Each reconcile traverses the stabilized topological task-sequence and calls the Tasks, so that each task
can reconcile it's state with the legacy-system and make adjustments if necessary.

```
// Reconcile executes the workflow tasks in order and returns nil, if all tasks completed successfully.
// If a FatalError is returned, the workflow failed and cannot be retried.
func (w *Workflow) Reconcile(ctx context.Context) error {
tasks, err := w.GetOrderedTasks()
if err != nil {
return FatalError{ err: err }
}

for _, task := range tasks {
if cancelErr := ctx.Err(); cancelErr == nil {
err := task.reconcileFn(ctx, task)
// the workflow runs unless some task returns an error
if err != nil {
return err
}
}
}
return nil
}
```

It is the duty of the caller of reconcile to determine if the workflow ended successfully or with
a fatal or retryable error and act accordingly.

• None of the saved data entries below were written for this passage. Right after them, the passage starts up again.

Lemma fin_prod_fp_word l : l <> [] -> NoDup l -> generic l ->
  proj1_sig (fin_prod x l) = A ++ fp_word l.
Proof.
  induction l as [|y [|z r] IH]; intros Hne Hnd Hg; [congruence| |].
  all: assert (Py : P y) by (apply Hg; left; reflexivity).
  all: destruct (core_spec Py) as [Hy _].
  all: change (proj1_sig (fin_prod x (y :: ?l))) with
         (fold_right (@push X) (proj1_sig (fin_prod x l)) (w y)).
  - cbn [fin_prod fold_right proj1_sig fg_one fp_word].
    rewrite fold_push_app; [rewrite app_nil_r, Hy; reflexivity|].
    rewrite app_nil_r; exact (proj2_sig (x y)).
  - inversion Hnd as [|? ? Hyn Hnd']; subst.
    assert (Hg' := generic_tail Hg).
    assert (Hzr : proj1_sig (fin_prod x (z :: r)) = A ++ fp_word (z :: r))
      by (apply IH; [discriminate | assumption | assumption]).
    assert (Hy' : w y = (A ++ core y ++ B') ++ K) by (rewrite Hy, B_split, !app_assoc; reflexivity).
    assert (Hcancel : fold_right (@push X) (A ++ fp_word (z :: r)) K = A' ++ fp_word (z :: r))
      by (rewrite A_split, <- app_assoc; apply fold_push_word_inv).
    assert (Hred : reduced ((A ++ core y ++ B') ++ A' ++ fp_word (z :: r))).
    { apply reduced_app; split; [|split].
      - assert (Rw := proj2_sig (x y)); fold (w y) in Rw; rewrite Hy' in Rw.
        apply reduced_app in Rw; tauto.
      - assert (Rz := proj2_sig (fin_prod x (z :: r))).
        rewrite Hzr, A_split, <- app_assoc in Rz; apply reduced_app in Rz; tauto.
      - exact (generic_no_cancel Hg Hyn). }
    rewrite Hzr, Hy', fold_right_app, Hcancel, fold_push_app by exact Hred.
    change (fp_word (y :: z :: r)) with (core y ++ B' ++ A' ++ fp_word (z :: r)).
    rewrite !app_assoc; reflexivity.
Qed.

Lemma fin_prod_length l : l <> [] -> StronglySorted lt l -> generic l ->
  length (proj1_sig (fin_prod x l)) + (length B' + length A') =
  length A + length B + (d + (length B' + length A')) * length l.
Proof.
  intros Hne Hs Hg.
  rewrite fin_prod_fp_word, length_app, <- Nat.add_assoc, fp_word_length; auto.
  - lia.
  - intros a Ha; apply Hg, Ha.
  - exact (StronglySorted_NoDup lt_irrefl Hs).
Qed.

Lemma generic_growth : exists E s, 1 <= s /\ forall k, 1 <= k -> exists y l,
  StronglySorted lt (y :: l) /\ length l = k /\
  length (proj1_sig (fin_prod x (y :: l))) = E + s * S k /\
  length (proj1_sig (fin_prod x l)) = E + s * k.
Proof.
  assert (Hc : length B' + length A' <= length A + length B)
    by (rewrite A_split, B_split, !length_app, word_inv_length; lia).
  exists (length A + length B - (length B' + length A')), (d + (length B' + length A')).
  split; [lia|]; intros k Hk.
  destruct (generic_sorted_exists (S k)) as ([|y l] & Hs & Hl & Hg); [discriminate|].
  cbn [length] in Hl; injection Hl as Hl; exists y, l; split; [exact Hs|split; [exact Hl|]].
  assert (Hl0 : l <> []) by (intros ->; simpl in Hl; lia).
  assert (Hyl := fin_prod_length (l := y :: l) ltac:(discriminate) Hs Hg).
  assert (Hl' := fin_prod_length Hl0 (proj1 (StronglySorted_inv Hs)) (generic_tail Hg)).
  cbn [length] in Hyl; rewrite Hl in Hyl, Hl'; split; lia.
Qed.

End Generic.

Lemma linear_growth : uncountable T -> exists E s, 1 <= s /\ forall k, 1 <= k -> exists y l,
  StronglySorted lt (y :: l) /\ length l = k /\
  length (proj1_sig (fin_prod x (y :: l))) = E + s * S k /\
  length (proj1_sig (fin_prod x l)) = E + s * k.
Proof.
  intro Hunc.
  destruct (uncountable_nat_fibre (fun a => length (w a)) Hunc) as [n Hn].
  destruct (@spread_frame_exists n _ [] [] Hn) as (P & A & B & d & HP & Hd & Hframed & Hspread).
  { intros a Ha; exists (w a); rewrite app_nil_r; split; [reflexivity | exact Ha]. }
  destruct (max_cancellation B A) as (B' & K & A' & HB & HA & Hj).
  eapply generic_growth; eassumption.
Qed.

End Sequence.

Definition log2_parity (X : Type) (g : FreeGroup X) : bool :=
  Nat.odd (Nat.log2 (length (proj1_sig g))).

Theorem theorem4p1 (X : Type) (T : Type) (lt : T -> T -> Prop) :
  strict_well_order lt -> uncountable T ->
  exists c : FreeGroup X -> bool,
    forall x : T -> FreeGroup X,
      (forall a b, x a = x b -> a = b) ->
      forall i : bool, ~ (forall g, in_FP lt x g -> c g = i).
Proof.
  intros (Hwf & Htrans & Htotal) Hunc.
  exists (@log2_parity X); intros x x_inj i Hmono.
  destruct (linear_growth _ x_inj _ Htrans Htotal (well_founded_irrefl Hwf) Hunc)
    as (E & s & Hs & Hgrowth).
  destruct (log2_parity_flip E Hs) as (k & Hk & Hflip).
  destruct (Hgrowth k Hk) as (y & l & Hsort & Hl & Hyl & Hl').
  assert (Cyl : log2_parity (fin_prod x (y :: l)) = i)
    by (apply Hmono; exists (y :: l); split; [discriminate | split; auto]).
  assert (Cl : log2_parity (fin_prod x l) = i).
  { apply Hmono; exists l; split; [intros ->; simpl in Hl; lia|].
    split; [exact (proj1 (StronglySorted_inv Hsort)) | reflexivity]. }
  unfold log2_parity in Cyl, Cl; rewrite Hyl in Cyl; rewrite Hl' in Cl.
  rewrite Cyl, Cl in Hflip; destruct i; discriminate.
Qed.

In the example, the reconcile-loop repeats the reconciliation after 5 seconds as long as the workflow
does not complete successfully or ends with fatal error.

```
ctx := context.Background()
err := w.Reconcile(ctx)
for ; err != nil; {
var fatalErr flow.FatalError
if errors.As(err, &fatalErr) {
log.Fatalf(fatalErr.Error())
} else {
log.Println(err)
}
// retry after some time
time.Sleep(5 * time.Second)
err = w.Reconcile(ctx)
}
```

In the flow-example, each task will fail a configurable number of times before it signals success.
We can watch, how the workflow reconciles each task in the right order, in multiple reconciliation
runs until the desired state is reached.

```
2021/05/21 18:51:48 task 2 (create V2) >> task 5 (create V5) >> task 3 (create V3) >> task 4 (create V4) >> task 1 (create V1)
2021/05/21 18:51:48 --- reconcile run 1 ---
2021/05/21 18:51:48 reconcile task 2 (create V2) success <-- task 2 completed successfully
2021/05/21 18:51:48 reconce task 5 (create V5) error, 1 remain <-- task 5 failed in this run, workflow is not complete
2021/05/21 18:51:50 --- reconcile run 2 --- <-- after two seconds, the next run starts
2021/05/21 18:51:50 reconcile task 2 (create V2) ok <-- task 2 is still ok
2021/05/21 18:51:50 reconcile task 5 (create V5) success <-- task 5 completed successfully
2021/05/21 18:51:50 reconcile task 3 (create V3) success <-- task 3 completed successfully
2021/05/21 18:51:50 reconce task 4 (create V4) error, 1 remain <-- task 4 failed in this run, workflow is not complete
2021/05/21 18:51:52 --- reconcile run 3 ---
2021/05/21 18:51:52 reconcile task 2 (create V2) ok
2021/05/21 18:51:52 reconcile task 5 (create V5) ok
2021/05/21 18:51:52 reconcile task 3 (create V3) ok
2021/05/21 18:51:52 reconcile task 4 (create V4) success <-- task 4 completed successfully this time
2021/05/21 18:51:52 reconce task 1 (create V1) error, 2 remain <-- task 1 failed, workflow not complete
2021/05/21 18:51:54 --- reconcile run 4 ---
2021/05/21 18:51:54 reconcile task 2 (create V2) ok
2021/05/21 18:51:54 reconcile task 5 (create V5) ok
2021/05/21 18:51:54 reconcile task 3 (create V3) ok
2021/05/21 18:51:54 reconcile task 4 (create V4) ok
2021/05/21 18:51:54 reconce task 1 (create V1) error, 1 remain <-- task 1 failed again, workflow not complete
2021/05/21 18:51:56 --- reconcile run 5 ---
2021/05/21 18:51:56 reconcile task 2 (create V2) ok
2021/05/21 18:51:56 reconcile task 5 (create V5) ok
2021/05/21 18:51:56 reconcile task 3 (create V3) ok
2021/05/21 18:51:56 reconcile task 4 (create V4) ok
2021/05/21 18:51:56 reconcile task 1 (create V1) success <-- task 1 completed successfully, the workflow is complete
```

## Final thoughts

We have explored how DAGs can help us to model dependencies between tasks and determine a correct
execution order for the tasks. Using the gonum-library, we can create and use DAGs in Go.
With some additional code we have built a tiny workflow package that allows us to execute
interdependent tasks in the right order.

In conjunction with the task contract and a reconciliation loop we can now reconcile complex
state in a caring and focused manner and be polite to our legacy-systems.